▸ **Exercise aim**: Restate exactly, please, each line of the listing from the one with "Unset Strict Implicit." to the last, including both.
Given entries Block Start
(* Let $q$ be a prime power, $n\ge 1$, and $k\ge1$ an integer with $q>2k+1$. Then \[\dim(\operatorname{Hull}(C_{n,k}^q))=\dim(C_{n,k}^q)-1=\binom{n+k}{k}-1.\] Moreover, $\{\operatorname{ev}(m)\}_{m\in\mathcal{M}}$ is a basis of $\operatorname{Hull}(C_{n,k}^q)$, where $\mathcal{M}$ is the set of all monomials of degree $k$ in $x_0,\dots,x_n$ other than $x_n^k$.
   Context: For a prime power $q$ and integers $n\ge 1$, $k\ge 0$, the projective Reed-Muller code $C_{n,k}^q\subseteq \mathbb{F}_q^N$, $N=\frac{q^{n+1}-1}{q-1}$, is defined as follows. For each point of $\mathbb{P}^n(\mathbb{F}_q)$ choose the affine representative $(p_0,\dots,p_n)\in\mathbb{F}_q^{n+1}\setminus\{0\}$ whose left-most nonzero coordinate equals $1$, and fix an ordering $P_1',\dots,P_N'$ of these representatives; for a polynomial $F$ write $\operatorname{ev}(F)=(F(P_1'),\dots,F(P_N'))$. Then $C_{n,k}^q=\{\operatorname{ev}(F) : F\in \mathbb{F}_q[x_0,\dots,x_n]_k\}$, where $\mathbb{F}_q[x_0,\dots,x_n]_k$ is the space of homogeneous polynomials of degree $k$ together with $0$. Duals are with respect to the standard dot product, and $\operatorname{Hull}(C)=C\cap C^\perp$. *)

From HB Require Import structures.
From mathcomp Require Import all_boot all_order all_algebra.
From mathcomp Require Import all_field.
From mathcomp Require Import mpoly.
Set Implicit Arguments.
Unset Strict Implicit.
Unset Printing Implicit Defensive.
Import Order.TTheory GRing.Theory.
Local Open Scope ring_scope.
Given entries Block End
▸ **Answer area**:
Unset Strict Implicit.
Unset Printing Implicit Defensive.
Import Order.TTheory GRing.Theory.
Local Open Scope ring_scope.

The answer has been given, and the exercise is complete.